> ABOUT THIS EXERCISE:
In the data that follows, find the line with "elim: m => [|m"; transcribe it, every later line up to the one with "rewrite exchange_big; apply: eq_bigr", and that line as well, exactly and with no others.

> Collected data entries:
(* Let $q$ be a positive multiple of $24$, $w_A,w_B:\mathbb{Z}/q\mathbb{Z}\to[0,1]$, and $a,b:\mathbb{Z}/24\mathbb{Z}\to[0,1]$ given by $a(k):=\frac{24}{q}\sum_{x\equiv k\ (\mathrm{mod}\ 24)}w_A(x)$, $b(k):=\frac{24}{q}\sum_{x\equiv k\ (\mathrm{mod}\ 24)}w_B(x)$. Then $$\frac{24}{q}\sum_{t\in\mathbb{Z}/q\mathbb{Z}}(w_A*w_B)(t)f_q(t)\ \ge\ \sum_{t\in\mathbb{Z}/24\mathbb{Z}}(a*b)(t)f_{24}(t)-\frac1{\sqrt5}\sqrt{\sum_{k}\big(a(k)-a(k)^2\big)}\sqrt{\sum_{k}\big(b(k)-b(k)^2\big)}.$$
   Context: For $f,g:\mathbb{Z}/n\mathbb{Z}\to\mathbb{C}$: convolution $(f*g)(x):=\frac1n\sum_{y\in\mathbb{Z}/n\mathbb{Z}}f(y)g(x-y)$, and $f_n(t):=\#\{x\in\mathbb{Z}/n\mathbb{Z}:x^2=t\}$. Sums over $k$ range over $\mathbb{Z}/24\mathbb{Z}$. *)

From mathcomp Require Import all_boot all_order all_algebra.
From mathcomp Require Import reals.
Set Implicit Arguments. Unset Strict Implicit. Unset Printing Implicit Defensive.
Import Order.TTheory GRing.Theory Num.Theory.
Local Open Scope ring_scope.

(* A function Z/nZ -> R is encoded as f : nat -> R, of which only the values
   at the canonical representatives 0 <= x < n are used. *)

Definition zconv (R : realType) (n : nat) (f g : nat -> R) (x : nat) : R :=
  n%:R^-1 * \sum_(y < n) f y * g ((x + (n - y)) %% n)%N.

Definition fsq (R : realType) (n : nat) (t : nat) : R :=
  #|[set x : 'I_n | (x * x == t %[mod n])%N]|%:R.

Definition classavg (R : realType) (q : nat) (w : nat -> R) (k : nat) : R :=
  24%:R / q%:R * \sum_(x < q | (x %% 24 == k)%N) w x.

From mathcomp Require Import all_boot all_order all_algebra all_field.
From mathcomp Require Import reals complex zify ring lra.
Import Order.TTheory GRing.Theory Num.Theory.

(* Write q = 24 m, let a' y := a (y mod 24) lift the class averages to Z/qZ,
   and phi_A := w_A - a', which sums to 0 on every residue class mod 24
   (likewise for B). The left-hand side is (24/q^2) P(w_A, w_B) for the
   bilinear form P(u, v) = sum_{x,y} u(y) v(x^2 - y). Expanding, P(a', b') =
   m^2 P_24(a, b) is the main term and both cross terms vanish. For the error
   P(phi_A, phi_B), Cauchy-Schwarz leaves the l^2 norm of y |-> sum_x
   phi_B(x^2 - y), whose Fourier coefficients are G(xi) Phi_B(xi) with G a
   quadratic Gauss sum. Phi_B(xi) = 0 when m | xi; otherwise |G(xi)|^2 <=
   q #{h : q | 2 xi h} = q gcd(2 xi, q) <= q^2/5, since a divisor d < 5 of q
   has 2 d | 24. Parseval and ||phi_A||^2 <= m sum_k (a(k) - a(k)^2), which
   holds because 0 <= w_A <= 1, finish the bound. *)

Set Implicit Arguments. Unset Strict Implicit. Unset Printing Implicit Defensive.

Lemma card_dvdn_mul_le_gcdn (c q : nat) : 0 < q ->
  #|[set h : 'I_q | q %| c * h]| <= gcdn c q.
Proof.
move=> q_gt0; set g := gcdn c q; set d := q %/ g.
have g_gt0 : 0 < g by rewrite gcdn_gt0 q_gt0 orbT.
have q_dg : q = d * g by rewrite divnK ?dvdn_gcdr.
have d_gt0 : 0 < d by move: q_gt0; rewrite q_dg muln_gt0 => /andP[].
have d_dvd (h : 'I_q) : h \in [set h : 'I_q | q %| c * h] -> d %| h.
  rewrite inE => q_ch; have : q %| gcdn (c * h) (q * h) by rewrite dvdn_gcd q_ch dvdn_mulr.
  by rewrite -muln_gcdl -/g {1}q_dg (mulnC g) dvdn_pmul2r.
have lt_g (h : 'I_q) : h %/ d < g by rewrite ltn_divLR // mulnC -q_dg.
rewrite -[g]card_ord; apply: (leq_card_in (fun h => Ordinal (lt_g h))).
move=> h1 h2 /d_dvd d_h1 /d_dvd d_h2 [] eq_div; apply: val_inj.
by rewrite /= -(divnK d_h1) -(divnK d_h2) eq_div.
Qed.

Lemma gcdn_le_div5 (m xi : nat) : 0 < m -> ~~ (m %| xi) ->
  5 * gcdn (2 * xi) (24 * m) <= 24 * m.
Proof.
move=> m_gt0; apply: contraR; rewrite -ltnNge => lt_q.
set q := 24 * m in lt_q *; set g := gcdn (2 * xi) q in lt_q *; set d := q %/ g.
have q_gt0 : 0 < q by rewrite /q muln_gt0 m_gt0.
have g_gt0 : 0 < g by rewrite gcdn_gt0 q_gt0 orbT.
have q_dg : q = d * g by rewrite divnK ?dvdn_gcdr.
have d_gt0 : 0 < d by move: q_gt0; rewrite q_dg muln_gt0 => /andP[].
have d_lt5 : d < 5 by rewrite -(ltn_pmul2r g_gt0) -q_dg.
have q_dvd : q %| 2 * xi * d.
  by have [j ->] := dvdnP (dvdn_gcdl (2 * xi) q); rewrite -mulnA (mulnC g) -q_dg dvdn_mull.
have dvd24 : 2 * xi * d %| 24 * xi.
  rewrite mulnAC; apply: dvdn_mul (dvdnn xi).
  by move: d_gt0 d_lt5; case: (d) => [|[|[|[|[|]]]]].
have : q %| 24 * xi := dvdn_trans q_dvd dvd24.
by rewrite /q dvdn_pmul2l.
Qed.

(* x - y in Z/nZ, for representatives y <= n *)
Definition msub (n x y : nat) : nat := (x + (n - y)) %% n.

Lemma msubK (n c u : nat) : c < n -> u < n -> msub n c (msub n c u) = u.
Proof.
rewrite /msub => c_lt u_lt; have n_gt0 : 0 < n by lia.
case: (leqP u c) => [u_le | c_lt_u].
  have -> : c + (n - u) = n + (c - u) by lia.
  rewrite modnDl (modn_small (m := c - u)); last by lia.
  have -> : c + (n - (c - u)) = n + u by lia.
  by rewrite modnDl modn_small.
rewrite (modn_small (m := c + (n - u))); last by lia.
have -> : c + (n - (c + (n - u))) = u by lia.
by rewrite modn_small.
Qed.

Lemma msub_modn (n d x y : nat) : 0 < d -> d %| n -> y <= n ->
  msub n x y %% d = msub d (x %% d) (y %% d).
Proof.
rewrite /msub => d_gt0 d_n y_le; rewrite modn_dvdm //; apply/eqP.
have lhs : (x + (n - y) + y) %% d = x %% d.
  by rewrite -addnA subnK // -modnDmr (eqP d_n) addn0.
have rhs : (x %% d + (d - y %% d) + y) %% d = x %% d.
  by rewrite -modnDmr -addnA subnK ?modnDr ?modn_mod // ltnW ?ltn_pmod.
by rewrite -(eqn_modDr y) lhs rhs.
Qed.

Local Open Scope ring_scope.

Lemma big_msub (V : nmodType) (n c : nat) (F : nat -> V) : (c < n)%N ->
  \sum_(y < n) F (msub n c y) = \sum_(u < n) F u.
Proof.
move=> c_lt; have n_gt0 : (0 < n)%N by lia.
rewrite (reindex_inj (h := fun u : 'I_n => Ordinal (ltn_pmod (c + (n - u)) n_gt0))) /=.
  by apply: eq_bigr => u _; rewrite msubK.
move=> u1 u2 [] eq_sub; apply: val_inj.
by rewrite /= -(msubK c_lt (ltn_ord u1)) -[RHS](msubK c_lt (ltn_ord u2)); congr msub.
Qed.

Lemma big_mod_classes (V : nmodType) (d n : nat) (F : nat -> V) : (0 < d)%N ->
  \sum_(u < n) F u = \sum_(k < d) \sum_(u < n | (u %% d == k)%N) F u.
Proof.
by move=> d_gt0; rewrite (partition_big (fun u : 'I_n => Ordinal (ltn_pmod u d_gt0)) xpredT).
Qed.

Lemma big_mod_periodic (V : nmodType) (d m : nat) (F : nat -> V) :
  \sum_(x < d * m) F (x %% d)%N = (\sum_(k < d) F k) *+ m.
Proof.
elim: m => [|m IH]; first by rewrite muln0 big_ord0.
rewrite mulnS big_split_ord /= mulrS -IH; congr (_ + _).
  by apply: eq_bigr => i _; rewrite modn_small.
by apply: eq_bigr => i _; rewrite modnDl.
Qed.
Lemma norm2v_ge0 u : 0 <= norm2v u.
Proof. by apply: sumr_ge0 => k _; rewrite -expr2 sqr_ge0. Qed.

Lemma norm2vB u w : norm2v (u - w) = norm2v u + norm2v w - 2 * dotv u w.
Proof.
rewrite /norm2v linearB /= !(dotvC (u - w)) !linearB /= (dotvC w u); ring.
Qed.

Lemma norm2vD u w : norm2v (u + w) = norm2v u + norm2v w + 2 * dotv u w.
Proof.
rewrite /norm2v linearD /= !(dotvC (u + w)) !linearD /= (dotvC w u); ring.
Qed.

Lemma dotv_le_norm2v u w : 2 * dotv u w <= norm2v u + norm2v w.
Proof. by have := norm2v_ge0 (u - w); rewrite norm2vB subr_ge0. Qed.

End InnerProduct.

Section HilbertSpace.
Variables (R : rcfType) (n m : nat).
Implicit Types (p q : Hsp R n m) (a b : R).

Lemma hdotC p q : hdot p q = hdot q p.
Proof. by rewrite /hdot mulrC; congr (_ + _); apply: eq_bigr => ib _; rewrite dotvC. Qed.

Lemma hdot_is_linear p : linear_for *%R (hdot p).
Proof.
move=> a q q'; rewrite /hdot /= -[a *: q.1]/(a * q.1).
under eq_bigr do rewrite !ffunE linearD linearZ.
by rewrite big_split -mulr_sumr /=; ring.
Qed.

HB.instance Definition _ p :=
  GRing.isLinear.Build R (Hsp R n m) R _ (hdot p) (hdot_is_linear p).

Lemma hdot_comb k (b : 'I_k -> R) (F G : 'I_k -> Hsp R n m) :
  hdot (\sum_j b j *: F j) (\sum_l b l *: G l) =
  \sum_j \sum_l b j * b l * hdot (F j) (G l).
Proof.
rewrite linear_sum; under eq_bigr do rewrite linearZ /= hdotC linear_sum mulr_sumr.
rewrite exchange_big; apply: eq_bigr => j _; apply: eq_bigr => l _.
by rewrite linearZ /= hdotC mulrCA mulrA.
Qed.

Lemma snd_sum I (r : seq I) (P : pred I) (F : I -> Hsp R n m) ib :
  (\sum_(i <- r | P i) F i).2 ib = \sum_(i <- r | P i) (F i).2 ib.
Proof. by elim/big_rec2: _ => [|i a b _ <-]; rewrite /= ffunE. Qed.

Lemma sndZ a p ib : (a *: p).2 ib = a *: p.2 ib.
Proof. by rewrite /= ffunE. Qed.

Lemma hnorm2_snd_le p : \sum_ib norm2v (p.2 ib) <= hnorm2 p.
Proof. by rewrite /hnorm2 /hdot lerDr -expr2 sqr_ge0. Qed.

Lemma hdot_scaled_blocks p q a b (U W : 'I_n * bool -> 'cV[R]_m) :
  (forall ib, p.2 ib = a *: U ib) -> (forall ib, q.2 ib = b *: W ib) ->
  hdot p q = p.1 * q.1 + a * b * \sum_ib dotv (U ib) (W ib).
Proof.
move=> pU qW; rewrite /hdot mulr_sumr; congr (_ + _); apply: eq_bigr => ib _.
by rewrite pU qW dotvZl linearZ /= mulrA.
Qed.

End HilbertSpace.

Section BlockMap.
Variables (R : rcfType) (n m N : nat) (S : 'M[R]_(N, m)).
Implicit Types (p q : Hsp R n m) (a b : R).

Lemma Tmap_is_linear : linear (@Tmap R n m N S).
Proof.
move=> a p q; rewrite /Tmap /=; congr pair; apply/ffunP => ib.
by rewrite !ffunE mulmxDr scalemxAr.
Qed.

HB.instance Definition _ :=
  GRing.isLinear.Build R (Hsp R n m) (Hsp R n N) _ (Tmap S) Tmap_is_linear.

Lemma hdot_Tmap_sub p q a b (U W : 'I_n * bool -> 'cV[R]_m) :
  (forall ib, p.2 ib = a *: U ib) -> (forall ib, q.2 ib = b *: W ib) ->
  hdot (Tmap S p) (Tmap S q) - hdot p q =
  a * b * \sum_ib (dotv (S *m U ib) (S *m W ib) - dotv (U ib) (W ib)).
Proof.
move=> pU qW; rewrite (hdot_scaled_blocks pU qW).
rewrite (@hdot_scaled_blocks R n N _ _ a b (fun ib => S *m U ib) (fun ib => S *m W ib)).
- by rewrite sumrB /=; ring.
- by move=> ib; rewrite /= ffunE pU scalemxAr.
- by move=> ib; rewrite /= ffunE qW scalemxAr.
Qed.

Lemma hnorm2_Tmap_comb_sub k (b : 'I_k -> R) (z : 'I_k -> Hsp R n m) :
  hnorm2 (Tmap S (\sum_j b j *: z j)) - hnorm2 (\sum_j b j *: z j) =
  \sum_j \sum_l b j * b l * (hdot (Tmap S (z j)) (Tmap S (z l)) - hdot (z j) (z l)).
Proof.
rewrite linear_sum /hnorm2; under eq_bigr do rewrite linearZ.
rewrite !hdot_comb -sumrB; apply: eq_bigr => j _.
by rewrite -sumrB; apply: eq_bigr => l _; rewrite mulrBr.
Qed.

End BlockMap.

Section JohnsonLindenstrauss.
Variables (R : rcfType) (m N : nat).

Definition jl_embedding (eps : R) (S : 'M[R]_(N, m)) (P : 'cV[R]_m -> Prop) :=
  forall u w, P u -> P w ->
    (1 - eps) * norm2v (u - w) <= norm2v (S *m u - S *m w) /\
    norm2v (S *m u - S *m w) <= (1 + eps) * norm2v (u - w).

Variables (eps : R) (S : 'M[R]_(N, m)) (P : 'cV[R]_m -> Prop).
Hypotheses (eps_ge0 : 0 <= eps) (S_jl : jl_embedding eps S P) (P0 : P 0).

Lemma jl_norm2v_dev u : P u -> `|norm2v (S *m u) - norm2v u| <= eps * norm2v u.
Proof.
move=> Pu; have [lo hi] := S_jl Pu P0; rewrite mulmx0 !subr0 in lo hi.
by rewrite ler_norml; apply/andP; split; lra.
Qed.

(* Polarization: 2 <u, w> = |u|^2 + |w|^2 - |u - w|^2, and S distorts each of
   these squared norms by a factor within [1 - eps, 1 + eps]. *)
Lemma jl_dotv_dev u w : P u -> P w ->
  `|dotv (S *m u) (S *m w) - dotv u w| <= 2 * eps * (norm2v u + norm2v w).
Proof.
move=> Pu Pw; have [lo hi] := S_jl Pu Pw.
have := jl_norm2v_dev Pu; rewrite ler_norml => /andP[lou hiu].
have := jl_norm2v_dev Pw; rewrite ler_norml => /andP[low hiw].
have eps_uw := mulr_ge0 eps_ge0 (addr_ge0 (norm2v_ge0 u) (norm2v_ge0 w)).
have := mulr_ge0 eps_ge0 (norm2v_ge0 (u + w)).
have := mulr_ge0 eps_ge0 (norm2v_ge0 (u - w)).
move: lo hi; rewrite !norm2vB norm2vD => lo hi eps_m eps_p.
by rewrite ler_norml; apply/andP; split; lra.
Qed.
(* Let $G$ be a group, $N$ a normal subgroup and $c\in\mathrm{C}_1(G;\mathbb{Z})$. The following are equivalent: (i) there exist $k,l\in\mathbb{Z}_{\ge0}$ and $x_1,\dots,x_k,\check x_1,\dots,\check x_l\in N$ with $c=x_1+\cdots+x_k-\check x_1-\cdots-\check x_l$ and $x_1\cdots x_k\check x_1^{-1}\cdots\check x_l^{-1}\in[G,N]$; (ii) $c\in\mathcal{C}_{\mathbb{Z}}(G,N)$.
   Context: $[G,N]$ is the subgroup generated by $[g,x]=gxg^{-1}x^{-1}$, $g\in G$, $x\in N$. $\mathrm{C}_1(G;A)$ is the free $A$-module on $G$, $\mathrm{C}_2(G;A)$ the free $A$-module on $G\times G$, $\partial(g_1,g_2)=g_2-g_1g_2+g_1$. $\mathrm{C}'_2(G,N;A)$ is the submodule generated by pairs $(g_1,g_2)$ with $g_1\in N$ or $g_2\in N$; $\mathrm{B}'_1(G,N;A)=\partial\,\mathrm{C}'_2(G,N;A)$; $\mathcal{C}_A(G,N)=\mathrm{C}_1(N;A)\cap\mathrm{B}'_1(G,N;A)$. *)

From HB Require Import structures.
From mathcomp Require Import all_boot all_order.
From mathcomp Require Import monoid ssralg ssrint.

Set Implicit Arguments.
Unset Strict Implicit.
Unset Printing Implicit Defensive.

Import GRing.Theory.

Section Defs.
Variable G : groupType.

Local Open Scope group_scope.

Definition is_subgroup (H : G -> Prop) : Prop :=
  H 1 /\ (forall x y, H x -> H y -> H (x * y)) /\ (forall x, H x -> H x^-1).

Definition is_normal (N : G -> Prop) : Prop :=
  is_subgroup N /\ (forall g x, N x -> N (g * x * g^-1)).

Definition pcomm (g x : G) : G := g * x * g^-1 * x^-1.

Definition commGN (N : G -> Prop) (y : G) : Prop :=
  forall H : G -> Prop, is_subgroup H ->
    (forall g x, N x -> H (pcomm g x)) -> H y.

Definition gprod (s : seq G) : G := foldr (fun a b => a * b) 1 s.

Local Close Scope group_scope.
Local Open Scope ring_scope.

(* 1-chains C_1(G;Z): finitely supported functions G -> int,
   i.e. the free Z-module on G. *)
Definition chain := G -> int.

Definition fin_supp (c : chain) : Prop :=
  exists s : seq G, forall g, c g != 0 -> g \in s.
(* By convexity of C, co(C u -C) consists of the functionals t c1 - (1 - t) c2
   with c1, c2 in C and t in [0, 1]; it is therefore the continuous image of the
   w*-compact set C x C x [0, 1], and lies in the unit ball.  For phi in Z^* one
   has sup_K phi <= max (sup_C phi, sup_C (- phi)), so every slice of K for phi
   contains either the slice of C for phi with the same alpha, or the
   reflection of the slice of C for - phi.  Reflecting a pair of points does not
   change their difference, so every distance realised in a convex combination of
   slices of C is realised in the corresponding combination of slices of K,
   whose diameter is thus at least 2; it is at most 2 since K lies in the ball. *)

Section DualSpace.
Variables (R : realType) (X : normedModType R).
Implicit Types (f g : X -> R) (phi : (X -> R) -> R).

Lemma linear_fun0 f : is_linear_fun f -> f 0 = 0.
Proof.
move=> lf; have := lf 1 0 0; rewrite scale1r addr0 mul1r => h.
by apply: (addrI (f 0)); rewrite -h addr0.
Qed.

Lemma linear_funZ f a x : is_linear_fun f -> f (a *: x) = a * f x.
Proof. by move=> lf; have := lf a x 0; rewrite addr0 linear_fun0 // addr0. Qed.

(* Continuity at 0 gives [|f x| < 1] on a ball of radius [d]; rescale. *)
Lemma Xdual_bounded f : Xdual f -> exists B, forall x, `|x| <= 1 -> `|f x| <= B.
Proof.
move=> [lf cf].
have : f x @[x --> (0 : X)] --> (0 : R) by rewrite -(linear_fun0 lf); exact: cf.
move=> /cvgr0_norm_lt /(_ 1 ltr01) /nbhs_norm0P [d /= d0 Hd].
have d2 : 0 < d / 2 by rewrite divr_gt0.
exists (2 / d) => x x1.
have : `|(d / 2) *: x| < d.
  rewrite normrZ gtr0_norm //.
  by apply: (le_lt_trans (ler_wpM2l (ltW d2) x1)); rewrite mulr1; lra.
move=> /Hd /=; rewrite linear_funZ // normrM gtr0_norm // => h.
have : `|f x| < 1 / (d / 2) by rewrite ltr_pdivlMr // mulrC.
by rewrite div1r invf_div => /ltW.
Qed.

> RESULT OF THIS EXERCISE:
elim: m => [|m IH]; first by rewrite muln0 big_ord0.
rewrite mulnS big_split_ord /= mulrS -IH; congr (_ + _).
  by apply: eq_bigr => i _; rewrite modn_small.
by apply: eq_bigr => i _; rewrite modnDl.
Qed.
Lemma norm2v_ge0 u : 0 <= norm2v u.
Proof. by apply: sumr_ge0 => k _; rewrite -expr2 sqr_ge0. Qed.

Lemma norm2vB u w : norm2v (u - w) = norm2v u + norm2v w - 2 * dotv u w.
Proof.
rewrite /norm2v linearB /= !(dotvC (u - w)) !linearB /= (dotvC w u); ring.
Qed.

Lemma norm2vD u w : norm2v (u + w) = norm2v u + norm2v w + 2 * dotv u w.
Proof.
rewrite /norm2v linearD /= !(dotvC (u + w)) !linearD /= (dotvC w u); ring.
Qed.

Lemma dotv_le_norm2v u w : 2 * dotv u w <= norm2v u + norm2v w.
Proof. by have := norm2v_ge0 (u - w); rewrite norm2vB subr_ge0. Qed.

End InnerProduct.

Section HilbertSpace.
Variables (R : rcfType) (n m : nat).
Implicit Types (p q : Hsp R n m) (a b : R).

Lemma hdotC p q : hdot p q = hdot q p.
Proof. by rewrite /hdot mulrC; congr (_ + _); apply: eq_bigr => ib _; rewrite dotvC. Qed.

Lemma hdot_is_linear p : linear_for *%R (hdot p).
Proof.
move=> a q q'; rewrite /hdot /= -[a *: q.1]/(a * q.1).
under eq_bigr do rewrite !ffunE linearD linearZ.
by rewrite big_split -mulr_sumr /=; ring.
Qed.

HB.instance Definition _ p :=
  GRing.isLinear.Build R (Hsp R n m) R _ (hdot p) (hdot_is_linear p).

Lemma hdot_comb k (b : 'I_k -> R) (F G : 'I_k -> Hsp R n m) :
  hdot (\sum_j b j *: F j) (\sum_l b l *: G l) =
  \sum_j \sum_l b j * b l * hdot (F j) (G l).
Proof.
rewrite linear_sum; under eq_bigr do rewrite linearZ /= hdotC linear_sum mulr_sumr.
rewrite exchange_big; apply: eq_bigr => j _; apply: eq_bigr => l _.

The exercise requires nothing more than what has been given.